# Split the UK's 'South East' region in two?



## TMiles (Feb 6, 2021)

The UK is divided into twelve regions, with four of these (Scotland, Wales, Northern Ireland, London) granted their own assembly. 










The most populous of these is South East with over 9 million inhabitants. In comparison, the North East has a population of just over 2.5 million. As an indication that this is not a naturally coherent region, travelling from its northern to eastern part would generally require changing trains in London or driving around London's orbital motorway.

This region should clearly be divided, most naturally into:

*THAMES & SOLENT*: Bucks, Oxfordshire, Berkshire, Hampshire (⬠ Reading)
*SOUTH EAST*: Surrey, West Sussex, East Sussex, Kent (⬠ Brighton)
(feel free to suggest your own names; counties list as per map; ⬠ administrative centre)

In additional to a more proportional population, each new region's physical geography will be more coherent, with the first dominated by the Thames Valley and the second by the South Downs.

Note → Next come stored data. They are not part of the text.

Lemma MQ_minimal_member (Rel V D : Type) (kl : Rel -> nat) (Q : list (atom Rel V))
    (I : list (fact Rel D)) S :
  MQ kl Q I S <-> minimal_member (repair_answers kl Q I) S.
Proof.
  split.
  - intros [r [[Hr Hfrugal] HS]]; split; [exists r; auto |].
    intros [Y [[r' [Hr' HY]] [HYS [x [HSx HYx]]]]].
    apply Hfrugal; exists r'; split; [exact Hr' | split].
    + intros th H; apply HS, HYS, HY, H.
    + exists x; split; [apply HS, HSx | intro H; apply HYx, HY, H].
  - intros [[r [Hr HS]] Hmin]; exists r; split; [split; [exact Hr |] | exact HS].
    intros [r' [Hr' [Hsub [x [Hx Hnx]]]]].
    apply Hmin; exists (full_query Q r'); split; [exists r'; split; [exact Hr' | intro; tauto] |].
    split; [intros th H; apply HS, Hsub, H | exists x; split; [apply HS, Hx | exact Hnx]].
Qed.

Lemma entails_nonempty (Rel V D : Type) (kl : Rel -> nat) (Q : list (atom Rel V))
    (I : list (fact Rel D)) :
  entails kl Q I <-> forall X, repair_answers kl Q I X -> exists th, X th.
Proof.
  split.
  - intros He X [r [Hr HX]]; destruct (He r Hr) as [th H]; exists th; apply HX, H.
  - intros Hne r Hr; apply Hne; exists r; split; [exact Hr | intro; tauto].
Qed.

Section DominatedFamilies.
Variables (A : Type) (F G : (A -> Prop) -> Prop).
Hypothesis G_in_F : forall Y, G Y -> F Y.
Hypothesis G_below_F : forall X, F X -> exists Y, G Y /\ forall x, Y x -> X x.
Hypothesis G_ext : forall X Y, G X -> set_eq X Y -> G Y.

Lemma dominated_minimal_members X : minimal_member F X <-> minimal_member G X.
Proof.
  split.
  - intros [HFX HminF].
    destruct (G_below_F HFX) as [Y [HGY HYX]].
    assert (HXY : set_eq Y X).
    { intro x; split; [apply HYX | intro Hx].
      apply NNPP; intro Hnx; apply HminF; exists Y.
      split; [apply G_in_F, HGY | split; [exact HYX | exists x; auto]]. }
    split; [exact (G_ext HGY HXY) |].
    intros [Z [HGZ HZX]]; apply HminF; exists Z; split; [apply G_in_F, HGZ | exact HZX].
  - intros [HGX HminG]; split; [apply G_in_F, HGX |].
    intros [Z [HFZ [HZX [x [Hx Hnx]]]]].
    destruct (G_below_F HFZ) as [W [HGW HWZ]].
    apply HminG; exists W; split; [exact HGW | split].
    + intros y Hy; apply HZX, HWZ, Hy.
    + exists x; split; [exact Hx | intro Hw; apply Hnx, HWZ, Hw].
Qed.
(* Let $\mathcal{J}$ be a finite set of content points and fix a provider $k$ with skill beliefs $\widetilde{S}_k=(\widetilde{s}_{k,j})_{j\in\mathcal{J}}$, $\widetilde{s}_{k,j}\in(0,1]$, and audience beliefs $\widetilde{A}_k=(\widetilde{a}_{k,j})_{j\in\mathcal{J}}$, $\widetilde{a}_{k,j}\ge 0$. For $j\in\mathcal{J}$ and trust $\lambda\in(0,1]$ define $$\phi(j;\lambda,\widetilde{S}_k,\widetilde{A}_k)=\max\left\{\frac{1}{\lambda}\left(\frac{\widetilde{s}_{k,\ell}\,\widetilde{a}_{k,\ell}}{\widetilde{s}_{k,j}}-(1-\lambda)\widetilde{a}_{k,j}\right):\ \ell\in\mathcal{J},\ \widetilde{s}_{k,\ell}\widetilde{a}_{k,\ell}>\widetilde{s}_{k,j}\widetilde{a}_{k,j}\right\}.$$ Then for every $j\in\mathcal{J}$ and all trust values $\lambda\ge\lambda'$ in $(0,1]$, $\phi(j;\lambda,\widetilde{S}_k,\widetilde{A}_k)\le\phi(j;\lambda',\widetilde{S}_k,\widetilde{A}_k)$.
   Context: Interpretation: $\phi(j;\lambda,\widetilde{S}_k,\widetilde{A}_k)$ is the minimum promised audience a recommender system must commit to provider $k$ so that, when $k$ updates its audience belief at $j$ to $(1-\lambda)\widetilde{a}_{k,j}+\lambda C$ upon receiving a promise $C$ and chooses the point maximizing $\widetilde{s}_{k,\cdot}\widetilde{a}_{k,\cdot}$, point $j$ becomes $k$'s best response. *)

From mathcomp Require Import all_boot all_order all_algebra.
Set Implicit Arguments. Unset Strict Implicit. Unset Printing Implicit Defensive.
Import Order.TTheory GRing.Theory Num.Theory.
Local Open Scope ring_scope.

Definition phi_term (R : realFieldType) (J : finType) (lam : R)
  (s a : J -> R) (j l : J) : R :=
  lam^-1 * (s l * a l / s j - (1 - lam) * a j).

(* phi(j; lam, S, A) = max over l with s_l a_l > s_j a_j of phi_term.
   Convention for the empty index set: 0. *)
Definition phi (R : realFieldType) (J : finType) (j : J) (lam : R)
  (s a : J -> R) : R :=
  \big[Num.max/0]_(l : J | s j * a j < s l * a l) phi_term lam s a j l.

(* Each candidate term equals a_j + (s_l a_l / s_j - a_j) / lam, and the
   numerator is nonnegative exactly because l is a candidate; so every term
   decreases as the trust lam grows, and so does their maximum. *)
From mathcomp Require Import all_boot all_order all_algebra.
From mathcomp Require Import ring.
Import Order.TTheory GRing.Theory Num.Theory.
Local Open Scope ring_scope.

Lemma phi_termE (R : realFieldType) (J : finType) (lam : R) (s a : J -> R)
    (j l : J) :
  lam != 0 -> phi_term lam s a j l = lam^-1 * (s l * a l / s j - a j) + a j.
Proof.
move=> lam_neq0.
by rewrite -[in X in _ + X](mul1r (a j)) -(mulVf lam_neq0) /phi_term; ring.
Qed.

Lemma le_phi_term (R : realFieldType) (J : finType) (s a : J -> R)
    (j l : J) (lam lam' : R) :
  0 < s j -> s j * a j <= s l * a l -> 0 < lam' -> lam' <= lam ->
  phi_term lam s a j l <= phi_term lam' s a j l.
Proof.
move=> sj_gt0 le_jl lam'_gt0 le_lam.
have lam_gt0 : 0 < lam by apply: lt_le_trans le_lam.
rewrite !phi_termE ?gt_eqF // lerD2r.
apply: ler_wpM2r; last by rewrite lef_pV2 ?posrE.
by rewrite subr_ge0 ler_pdivlMr // mulrC.
Qed.

Theorem lemma1 (R : realFieldType) (J : finType) (s a : J -> R)
  (hs : forall j, 0 < s j /\ s j <= 1)
  (ha : forall j, 0 <= a j)
  (j : J) (lam lam' : R)
  (hlam : 0 < lam /\ lam <= 1) (hlam' : 0 < lam' /\ lam' <= 1)
  (hle : lam' <= lam) :
  phi j lam s a <= phi j lam' s a.
Proof.
apply: le_bigmax2 => l /ltW le_jl.
by apply: le_phi_term => //; [case: (hs j) | case: hlam'].
Qed.
(* u 0 = h + g, where g is the projection of u 0 onto the closure of the range
   of Id - S: then h is fixed and the iterates of g vanish. *)
Theorem averaged_iter_cvg u : (forall k, nsq (u k.+1 - S (u k)) = 0) ->
  exists h, nsq (h - S h) = 0 /\ dot_cvg dot u h.
Proof.
move=> u_orbit.
pose W := range (fun y => y - S y).
have W0 : W 0 by exists 0; rewrite // linear0 subr0.
have W_sub : linear_subspace W.
  move=> a _ _ [x _ <-] [y _ <-]; exists (a *: x + y) => //.
  by rewrite linearP scalerBr addrACA opprD.
have [g [g_lim g_orth]] := orthogonal_decomposition W W0 W_sub (u 0%N).
have h_fix : nsq ((u 0%N - g) - S (u 0%N - g)) = 0.
  by apply: fixed_of_orth_residuals => y; apply: g_orth; exists y.
exists (u 0%N - g); split => // e e_gt0.
apply: filterS (iter_cvg0_of_residual_limit g_lim _ e_gt0) => k.
have -> : u k - (u 0%N - g)
    = (u k - iter k S (u 0%N)) + ((iter k S (u 0%N - g) - (u 0%N - g)) + iter k S g).
  by rewrite [_ + iter k S g]addrAC -iter_linearD subrK addrA subrK.
by rewrite subr0 nsqD_null ?iter_null_orbit // nsqD_null ?iter_null_fixed.
Qed.

End AveragedOperator.

End SemiInnerProduct.

(** * Orthogonal projections *)

Section OrthogonalProjection.
Context {R : realType} {X : normedModType R} {ip : X -> X -> R}.
Hypothesis ip_inner : is_inner_product ip.
Let ipC := ip_inner.1.
Let ipL := ip_inner.2.1.
Let ipN := ip_inner.2.2.
Let ipBl := dotBl ipL.

Lemma ip_ge0 x : 0 <= ip x x.
Proof. by rewrite ipN sqr_ge0. Qed.

Lemma ip_eq0 x : ip x x = 0 -> x = 0.
Proof. by rewrite ipN => /eqP; rewrite sqrf_eq0 normr_eq0 => /eqP. Qed.

Lemma ip_ltr_sqr x e : 0 <= e -> (ip x x < e ^+ 2) = (`|x| < e).
Proof. by move=> e_ge0; rewrite ipN ltr_sqr ?nnegrE. Qed.
(* Let $d^{AB}_n$ denote the number of signed derangements $\sigma\in B_n$ with $\ell_B(\sigma)$ even. Then: (i) for $n\ge 1$, $d^{AB}_n=n!\sum_{k=0}^{n-1}\frac{2^{n-k-1}(-1)^k}{k!}+(-1)^n$; (ii) for $n\ge 2$, $d^{AB}_n=2n\,d^{AB}_{n-1}+(-1)^n(n+1)$, with $d^{AB}_1=0$; (iii) for $n\ge 3$, $d^{AB}_n=(n-1)\big(2d^{AB}_{n-1}+4d^{AB}_{n-2}+(-1)^{n-1}\big)$, with $d^{AB}_1=0$, $d^{AB}_2=3$.
   Context: $B_n$ is the hyperoctahedral group: its elements are words $\sigma=\sigma_1\cdots\sigma_n$ with $\sigma_i\in\{\pm1,\dots,\pm n\}$ such that $|\sigma_1|\cdots|\sigma_n|$ is a permutation of $[n]$. A (signed) derangement is an element with $\sigma_i\ne i$ for all $i$. $\mathrm{inv}(\sigma)=\#\{(i,j):i<j,\ \sigma_i>\sigma_j\}$ with respect to the usual order of integers, and the length is $\ell_B(\sigma)=\mathrm{inv}(\sigma)-\sum_{i:\sigma_i<0}\sigma_i$. *)

From mathcomp Require Import all_boot all_order fingroup perm all_algebra.
Set Implicit Arguments. Unset Strict Implicit. Unset Printing Implicit Defensive.
Import Order.TTheory GRing.Theory Num.Theory.
Local Open Scope ring_scope.

(* A signed permutation of [n] (an element of B_n) is encoded as a pair
   (p, e) with p a permutation of 'I_n (0-indexed) and e a sign vector;
   e i = true means the i-th letter is negative.  The i-th letter
   (1-indexed position i+1) is  sigma_{i+1} = +/- (p i + 1). *)
Definition signed_perm (n : nat) : finType :=
  ({perm 'I_n} * {ffun 'I_n -> bool})%type.

Definition sletter n (s : signed_perm n) (i : 'I_n) : int :=
  if s.2 i then - (Posz (s.1 i).+1) else Posz (s.1 i).+1.

Definition sderangement n (s : signed_perm n) : bool :=
  [forall i : 'I_n, sletter s i != Posz i.+1].

Definition inv_B n (s : signed_perm n) : nat :=
  #|[set ij : 'I_n * 'I_n | (ij.1 < ij.2)%N && (sletter s ij.2 < sletter s ij.1)]|.

Definition lengthB n (s : signed_perm n) : int :=
  Posz (inv_B s) - \sum_(i : 'I_n | sletter s i < 0) sletter s i.

Definition dAB (n : nat) : nat :=
  #|[set s : signed_perm n | sderangement s && (2 %| `|lengthB s|)%N]|.

From mathcomp Require Import all_boot all_order fingroup perm all_algebra.
From mathcomp Require Import zify ring.
Import Order.TTheory GRing.Theory Num.Theory.
Set Implicit Arguments. Unset Strict Implicit. Unset Printing Implicit Defensive.
Local Open Scope ring_scope.

(* Modulo 2, ell_B(sigma) = inv|sigma| + neg(sigma): a negative letter -sigma_i
   contributes |sigma_i| = 1 + #{j : |sigma_j| < |sigma_i|}, and pair by pair
   these rank counts turn the inversions of sigma into those of |sigma|.  Hence
   2 d_n = sum over derangements of 1 + (-1)^inv|sigma| (-1)^neg(sigma), and for
   a fixed |sigma| = p the sum over the sign vector factorises position by
   position: it is prod_i (1 + [p i != i]) for the first term and
   (-1)^inv p prod_i ([p i != i] - 1) for the second, which vanishes unless
   p = 1.  Inclusion-exclusion over the fixed points evaluates the first sum to
   sum_k (-1)^k C(n,k) (n-k)! 2^(n-k), and all three statements follow. *)

Lemma sum_ord_ltn (N m : nat) : (\sum_(k < N) (k < m)%N = minn m N)%N.
Proof.
elim: N => [|N IH]; first by rewrite big_ord0; lia.
rewrite big_ord_recr /= IH; case: ltnP => h; lia.
Qed.

Lemma sum_perm_lt n (p : {perm 'I_n}) i : (\sum_j (p j < p i)%N)%N = p i.
Proof.
rewrite (reindex_inj (@perm_inj _ p^-1)) /=.
under eq_bigr => j _ do rewrite permKV.
rewrite sum_ord_ltn; have := ltn_ord (p i); lia.
Qed.

Lemma card_set_sum (T : finType) (P : pred T) : #|[set x | P x]| = (\sum_x P x)%N.
Proof.
by rewrite -sum1_card big_mkcond /=; apply: eq_bigr => x _; rewrite inE; case: (P x).
Qed.

Lemma odd_sum_eq (I : finType) (F G : I -> nat) :
  (forall i, odd (F i) = odd (G i)) -> odd (\sum_i F i) = odd (\sum_i G i).
Proof.
move=> FG; apply: (big_ind2 (fun a b => odd a = odd b)) => // a b c d ac bd.
by rewrite !oddD ac bd.
Qed.

Lemma sum_pair_split (I : finType) (X : I -> I -> nat) (ord : I -> nat) :
  injective ord ->
  (\sum_(ij : I * I) X ij.1 ij.2 =
   \sum_(ij : I * I) ((ord ij.1 < ord ij.2)%N * (X ij.1 ij.2 + X ij.2 ij.1))
   + \sum_i X i i)%N.
Proof.
move=> ord_inj.
have trichotomy (ij : I * I) : X ij.1 ij.2 =
    ((ord ij.1 < ord ij.2)%N * X ij.1 ij.2 + (ord ij.2 < ord ij.1)%N * X ij.1 ij.2
     + (ij.1 == ij.2) * X ij.1 ij.2)%N.
  case: ij => i j /=; case: (ltngtP (ord i) (ord j)) => [lt|lt|/ord_inj ->];
    [| |by rewrite eqxx; lia];
    (suff /negbTE -> : i != j by lia); by apply/eqP => ij; rewrite ij ltnn in lt.
rewrite (eq_bigr _ (fun ij _ => trichotomy ij)) !big_split /=; congr (_ + _).
  under [RHS]eq_bigr => ij _ do rewrite mulnDr.
  rewrite big_split /=; congr (_ + _).
  by rewrite (reindex_inj (can_inj (@swap_pairK I I))).
rewrite -(pair_bigA _ (fun i j => ((i == j) * X i j)%N)) /=; apply: eq_bigr => i _.
rewrite (bigD1 i) //= eqxx mul1n big1 ?addn0 // => j.
by rewrite eq_sym => /negbTE ->.
Qed.

(* A pair of positions i < j with |sigma_i| = a+1, |sigma_j| = b+1 and signs
   ei, ej: its inversion in sigma plus its contributions to the negative
   letters' ranks has the parity of its inversion in |sigma|. *)
Lemma odd_signed_inversion (a b : nat) (ei ej : bool) : a != b ->
  odd (((if ej then - Posz b.+1 else Posz b.+1) < (if ei then - Posz a.+1 else Posz a.+1))%R
       + (ei && (b < a)%N) + (ej && (a < b)%N))%N = odd (b < a)%N.
Proof.
move=> /negPf neq_ab; case: ei; case: ej; case: (ltngtP a b) => lt //=.
all: try by rewrite lt eqxx in neq_ab.
all: by case: (boolP (_ < _)%R) => cmp //=; lia.
Qed.

Lemma sletter_lt0 n (s : signed_perm n) i : (sletter s i < 0) = s.2 i.
Proof. by rewrite /sletter; case: (s.2 i) => /=; lia. Qed.

Lemma lengthBE n (s : signed_perm n) :
  lengthB s = Posz (inv_B s + \sum_(i | s.2 i) (s.1 i).+1)%N.
Proof.
rewrite /lengthB PoszD (big_morph Posz PoszD (erefl _)) -sumrN; congr (_ + _).
rewrite (eq_bigl (fun i => s.2 i)) => [|i]; last by rewrite sletter_lt0.
by apply: eq_bigr => i neg_i; rewrite /sletter neg_i opprK.
Qed.

Definition inv_perm n (p : {perm 'I_n}) : nat :=
  (\sum_(ij : 'I_n * 'I_n) ((ij.1 < ij.2)%N && (p ij.2 < p ij.1)%N))%N.

Definition card_neg n (s : signed_perm n) : nat := (\sum_i s.2 i)%N.

Lemma odd_lengthB n (s : signed_perm n) :
  odd `|lengthB s| = odd (inv_perm s.1 + card_neg s).
Proof.
rewrite lengthBE /= /inv_B card_set_sum.
have -> : (\sum_(i | s.2 i) (s.1 i).+1 = card_neg s
     + \sum_(ij : 'I_n * 'I_n) (s.2 ij.1 && (s.1 ij.2 < s.1 ij.1)%N))%N.
  rewrite big_mkcond -(pair_bigA _ (fun i j => (s.2 i && (s.1 j < s.1 i)%N : nat))) /=.
  rewrite /card_neg -big_split /=; apply: eq_bigr => i _.
  by case: (s.2 i) => /=; [rewrite add1n sum_perm_lt | rewrite big1].
rewrite addnCA [in RHS]addnC !oddD; congr (_ (+) _).
rewrite -oddD -big_split /= /inv_perm.
set X := fun i j : 'I_n =>
  (((i < j)%N && (sletter s j < sletter s i)%R) + (s.2 i && (s.1 j < s.1 i)%N))%N.
set Y := fun i j : 'I_n => ((i < j)%N && (s.1 j < s.1 i)%N : nat).
rewrite (sum_pair_split X (@ord_inj n)) (sum_pair_split Y (@ord_inj n)).
rewrite [\sum_i X i i]big1 => [|i _]; last by rewrite /X !ltnn andbF.
rewrite [\sum_i Y i i]big1 => [|i _]; last by rewrite /Y ltnn.
rewrite !addn0; apply: odd_sum_eq => -[i j] /=.
case: (ltnP i j) => [lt_ij|]; last by rewrite !mul0n.
rewrite !mul1n /X /Y lt_ij [(j < i)%N]ltnNge (ltnW lt_ij) /= ?addn0.
have neq_ij : (s.1 i : nat) != s.1 j.
  by rewrite (inj_eq val_inj) (inj_eq perm_inj); apply: contraTneq lt_ij => ->; rewrite ltnn.
by rewrite /sletter (odd_signed_inversion (s.2 i) (s.2 j) neq_ij).
Qed.

Lemma prodr_nat_bool (R : comPzSemiRingType) (I : finType) (A P : pred I) :
  \prod_(i | A i) ((P i)%:R : R) = ([forall (i | A i), P i])%:R.
Proof.
have [/forallP AP|/forallPn [i]] := boolP [forall (i | A i), P i].
  by rewrite big1 // => i Ai; move: (AP i); rewrite Ai /= => ->.
by rewrite negb_imply => /andP [Ai /negbTE nPi]; rewrite (bigD1 i) //= nPi mul0r.
Qed.

Definition incl_excl_sum (R : comNzRingType) n : R :=
  \sum_(k < n.+1) ('C(n, k) * (n - k)`! * 2 ^ (n - k))%:R * (-1) ^+ k.

Section SignedDerangementSums.
Variables (R : comNzRingType) (n : nat).

Lemma sderangementE (p : {perm 'I_n}) (e : {ffun 'I_n -> bool}) :
  ((sderangement ((p, e) : signed_perm n))%:R : R) = \prod_i ((e i || (p i != i))%:R).
Proof.
rewrite (@prodr_nat_bool _ _ xpredT (fun i => e i || (p i != i))) /sderangement.
congr (nat_of_bool _)%:R; apply: eq_forallb => i.
by rewrite /sletter /=; case: (e i) => /=; [lia | rewrite eqz_nat eqSS].
Qed.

This reorganisation should be considered against the need for a more equal distribution of wealth, infrastructure and opportunities across the UK's regions, in addition to the benefits that appropriately sized regions can offer for greener transport and logistics.


----------



## wooger (Feb 25, 2020)

Not sure how Oxfordshire is in the South East, but Herts and Essex aren't.

Herts, Beds, Bucks and Essex all have more in common than the groupings you have there. 

I'd also say there's a stark difference between places that are mainly commuter towns into London, and places that have their own centre of mass.
Oxfordshire has Oxford. Hampshire has Southhampton, Sussex has Brighton.


----------



## Ming13 (Apr 12, 2015)

Bucks to move to Anglia and West Ox to the SW and Cherwell DC to East Midlands


----------



## No Opinion (Jun 2, 2010)

Create a new region called 'Chilterns' comprising Berkshire, Oxfordshire, Bucks, Herts, and Befordshire = approx 4.2M
Add Essex to East of England (with Norfolk, Suffolk, Cambridgeshire)= Approx 4.2M
Kent, Sussex, Surrey, Hampshire as South East = approx 6.5M

Reality is Greater London boundary is arbitrary and should really incorporate large tracts of the above counties that border it, such as parts of Essex, Berkshire and Surrey. And anything within M25.


----------



## Steve the Baggie (Oct 19, 2019)

My memory is that the coalition government completely axed the concept of English regions. They seem to have crept back in to statistical use, but they still have no meaning in politics or economics, so I am not sure what purpose would be served by splitting the notional South-East region. Are parts of the current region noticeably different from each other? The obvious division to me is the divide between the commuter-belt London facing home counties and the coastal areas, but Kent and Hampshire encompass both so there is no obvious way to divide the two areas without dividing current counties.


----------